Available records.
_ _ _ _
Lemma primitiveBl y g c : primitive y g -> primitive (fun t => c - y t) (fun r => - g r).
Proof.
move=> Py s t s0 st; have [ig e] := Py s t s0 st.
split; first exact: (eq_integrable _ _ _ _ (integrableN ig)).
have -> : \int[mu]_(r in `]s, t]) - g r = \int[mu]_(r in `]s, t]) (-1 * g r).
  by apply: eq_Rintegral => r _; rewrite mulN1r.
by rewrite RintegralZl // -e; ring.
Qed.

Lemma primitive_slow_descent y w g T K : primitive y g ->
  (forall r M, 0 <= r <= T -> 0 <= M -> y r < 0 -> - M <= y r -> - M <= w r ->
     - (K * M) <= g r) ->
  slow_descent y w T K.
Proof.
move=> Py rate s t M s0 st tT M0 neg bnd.
suff : - (K * M) * (t - s) <= y t - y s by lra.
apply: (primitive_ge Py s0 st) => r /andP[sr rt].
have [yM wM] : - M <= y r /\ - M <= w r by apply: bnd; rewrite (ltW sr) rt.
apply: rate yM wM => //; last by apply: neg; rewrite sr.
by apply/andP; split; lra.
Qed.

Lemma primitive_exp_decay y g tau l : primitive y g -> 0 <= tau -> 0 < l ->
  (forall t, 0 <= t -> 0 <= y t <= 1) -> (forall r, tau <= r -> g r <= - l * y r) ->
  exists2 lam : R, 0 < lam &
    forall t, 0 <= t -> y t <= expR (lam * (tau + 1)) * expR (- (lam * t)).
Proof.
move=> Py tau0 l0 y01 rate.
have ly_ge0 r : tau <= r -> 0 <= l * y r.
  by move=> tr; case/andP: (y01 r (le_trans tau0 tr)) => y0 _; apply: mulr_ge0 => //; exact: ltW.
have mono s t : tau <= s -> s <= t -> y t <= y s.
  apply: (primitive_nonincreasing Py tau0) => r /ltW tr.
  by have := rate r tr; have := ly_ge0 r tr; lra.
have step t : tau <= t -> (1 + l) * y (t + 1) <= y t.
  move=> tt; have t1 : t <= t + 1 by lra.
  have := primitive_le Py (c := - l * y (t + 1)) (le_trans tau0 tt) t1.
  have -> : t + 1 - t = 1 by ring.
  move=> /(_ _)/wrap[r /andP[tr rt1]|]; last by lra.
  apply: (le_trans (rate r _)); first lra.
  rewrite !mulNr lerN2; apply: ler_wpM2l; [exact: ltW | apply: mono; lra].
have l1 : 0 < 1 + l by lra.
exists (ln (1 + l)); first by rewrite ln_gt0 //; lra.
apply: unit_step_decay tau0 _ _ => [|t t0|t tt]; first by rewrite ltW // ln_gt0; lra.
  by case/andP: (y01 t t0).
rewrite expRN lnK ?posrE // mulrC ler_pdivlMr //.
by rewrite mulrC; apply: step.
Qed.
End Primitives.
_ _ _ _
Task prompt.
Give back each entry above precisely as it was written.

Task response.
Lemma primitiveBl y g c : primitive y g -> primitive (fun t => c - y t) (fun r => - g r).
Proof.
move=> Py s t s0 st; have [ig e] := Py s t s0 st.
split; first exact: (eq_integrable _ _ _ _ (integrableN ig)).
have -> : \int[mu]_(r in `]s, t]) - g r = \int[mu]_(r in `]s, t]) (-1 * g r).
  by apply: eq_Rintegral => r _; rewrite mulN1r.
by rewrite RintegralZl // -e; ring.
Qed.

Lemma primitive_slow_descent y w g T K : primitive y g ->
  (forall r M, 0 <= r <= T -> 0 <= M -> y r < 0 -> - M <= y r -> - M <= w r ->
     - (K * M) <= g r) ->
  slow_descent y w T K.
Proof.
move=> Py rate s t M s0 st tT M0 neg bnd.
suff : - (K * M) * (t - s) <= y t - y s by lra.
apply: (primitive_ge Py s0 st) => r /andP[sr rt].
have [yM wM] : - M <= y r /\ - M <= w r by apply: bnd; rewrite (ltW sr) rt.
apply: rate yM wM => //; last by apply: neg; rewrite sr.
by apply/andP; split; lra.
Qed.

Lemma primitive_exp_decay y g tau l : primitive y g -> 0 <= tau -> 0 < l ->
  (forall t, 0 <= t -> 0 <= y t <= 1) -> (forall r, tau <= r -> g r <= - l * y r) ->
  exists2 lam : R, 0 < lam &
    forall t, 0 <= t -> y t <= expR (lam * (tau + 1)) * expR (- (lam * t)).
Proof.
move=> Py tau0 l0 y01 rate.
have ly_ge0 r : tau <= r -> 0 <= l * y r.
  by move=> tr; case/andP: (y01 r (le_trans tau0 tr)) => y0 _; apply: mulr_ge0 => //; exact: ltW.
have mono s t : tau <= s -> s <= t -> y t <= y s.
  apply: (primitive_nonincreasing Py tau0) => r /ltW tr.
  by have := rate r tr; have := ly_ge0 r tr; lra.
have step t : tau <= t -> (1 + l) * y (t + 1) <= y t.
  move=> tt; have t1 : t <= t + 1 by lra.
  have := primitive_le Py (c := - l * y (t + 1)) (le_trans tau0 tt) t1.
  have -> : t + 1 - t = 1 by ring.
  move=> /(_ _)/wrap[r /andP[tr rt1]|]; last by lra.
  apply: (le_trans (rate r _)); first lra.
  rewrite !mulNr lerN2; apply: ler_wpM2l; [exact: ltW | apply: mono; lra].
have l1 : 0 < 1 + l by lra.
exists (ln (1 + l)); first by rewrite ln_gt0 //; lra.
apply: unit_step_decay tau0 _ _ => [|t t0|t tt]; first by rewrite ltW // ln_gt0; lra.
  by case/andP: (y01 t t0).
rewrite expRN lnK ?posrE // mulrC ler_pdivlMr //.
by rewrite mulrC; apply: step.
Qed.
End Primitives.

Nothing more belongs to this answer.